I think you are confused about what 'being the same symbol' means.

Two symbols are the same symbol iff they are eq, which means that if they are not eq they are not the same symbol. In particular if two symbols have home packages which are different (again: not eq) they are not the same symbol.

If you want to know if two symbols have the same name then simply compare their symbol-names, as strings. But two symbols which merely have the same name are not necessarily the same symbol (for instance (eq '#:foo '#:foo) is false).

There are cases where it is useful to know whether two symbols have the same name (for instance the loop macro must do this so that (loop for ...) and (loop :for ...) mean the same thing) but these cases are fairly rare.

If what you want to do is know if two symbols have the same names you quite likely should be using strings instead.

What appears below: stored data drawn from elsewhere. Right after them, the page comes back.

Lemma unit_col0_K1K2pow g : inSp4O v g ->
  [|| unitO (ent g 0 0), unitO (ent g 1 0), unitO (ent g 2 0) | unitO (ent g 3 0)] ->
  K1K2pow 21 g.
Proof.
have unit10 h : inSp4O v h -> unitO (ent h 1 0) -> K1K2pow 19 h.
  move=> hSp u; apply: (K1K2pow_stepP hSp) => h'Sp; apply: unit00_K1K2pow => //.
  by have -> : ent (Pmx * h) 0 0 = ent h 1 0 by rewrite /Pmx ent_mul4 //=; ring.
have unit20 h : inSp4O v h -> unitO (ent h 2 0) -> K1K2pow 20 h.
  move=> hSp u.
  apply: (K1K2pow_stepK2 (p := 0) (q := 1) (r := -1) (s := 0) _ _ _ _ _ hSp).
  all: try solve [solve_inO | ring].
  move=> h'Sp; apply: unit10 => //.
  by have -> : ent (K2mx 0 1 (-1) 0 * h) 1 0 = ent h 2 0 by rewrite /K2mx ent_mul4 //=; ring.
have unit30 h : inSp4O v h -> unitO (ent h 3 0) -> K1K2pow 21 h.
  move=> hSp u; apply: (K1K2pow_stepP hSp) => h'Sp; apply: unit20 => //.
  by have -> : ent (Pmx * h) 2 0 = ent h 3 0 by rewrite /Pmx ent_mul4 //=; ring.
move=> gSp /or4P[/(unit00_K1K2pow gSp)|/(unit10 _ gSp)|/(unit20 _ gSp)|/(unit30 _ gSp)] //.
all: exact: K1K2pow_le.
Qed.

(* The (0,3) entry of [g^T J g = J] makes the first column of [g] unimodular. *)
Lemma Sp4O_unit_col0 g : inSp4O v g ->
  [|| unitO (ent g 0 0), unitO (ent g 1 0), unitO (ent g 2 0) | unitO (ent g 3 0)].
Proof.
move=> gSp; apply/negPn/negP; rewrite !negb_or => /and4P[n0 n1 n2 n3].
have m i : (i < 4)%N -> ~~ unitO (ent g i 0) -> inm (ent g i 0).
  by move=> _; apply: inm_nonunitO; exact: Sp4O_entO gSp.
have := Sp4O_ent (i := 0) (j := 3) gSp isT isT; rewrite /Jent /= => rel.
suff : inm 1 by rewrite inm1F.
rewrite -rel; apply: inmD; last by apply/inmN; rewrite mulrC; apply: inmM (m 3%N isT n3); solve_inO.
apply: inmD; last by apply/inmN; rewrite mulrC; apply: inmM (m 2%N isT n2); solve_inO.
by apply: inmD; rewrite mulrC; apply: inmM; solve_inO; [exact: m 0%N isT n0 | exact: m 1%N isT n1].
Qed.

Lemma Sp4O_K1K2pow g : inSp4O v g -> K1K2pow 21 g.
Proof. by move=> gSp; apply: unit_col0_K1K2pow gSp (Sp4O_unit_col0 gSp). Qed.

Lemma K1K2pow_prod n g : K1K2pow n g -> exists k : 'I_(n.*2) -> 'M[F]_4,
  (forall i : 'I_(n.*2), if odd i then inK2 v (k i) else inK1 v (k i)) /\
  g = \prod_(i < n.*2) k i.
Proof.
elim=> [|m a b h Ka Kb _ [k [Kk ->]]].
  by exists (fun _ => 1); split; [case | rewrite big_ord0].
exists (fun i : 'I_(m.*2).+2 => if unlift ord0 i is Some j then
  if unlift ord0 j is Some l then k l else b else a); split.
  move=> i; case: (unliftP ord0 i) => [j ->|->] //=.
  by case: (unliftP ord0 j) => [l ->|->] //=; rewrite negbK add0n; exact: Kk.
rewrite !big_ord_recl unlift_none liftK unlift_none mulrA; congr (_ * _).
by apply: eq_bigr => i _; rewrite !liftK.
Qed.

If what you actually want to know is whether two symbols accessed from different packages are really the same symbol (so (eq 'x:foo 'y:foo), say) then eq is the appropriate test, and understanding the package system also helps.

2 Comments

> I think you are confused about what 'being the same symbol' means. Not any more than the loop macro, though.
@Kaz: I mentioned loop. But I think loop treats symbols with the same name as serving the same semantic purpose, rather than as 'being the same'. In particular I think it's worth, when writing CL, to use the spec's notion of 'being the same' which means (unless a predicate is specified) 'being the same under eql'. I know you know this, but I am not sure the person asking the question does.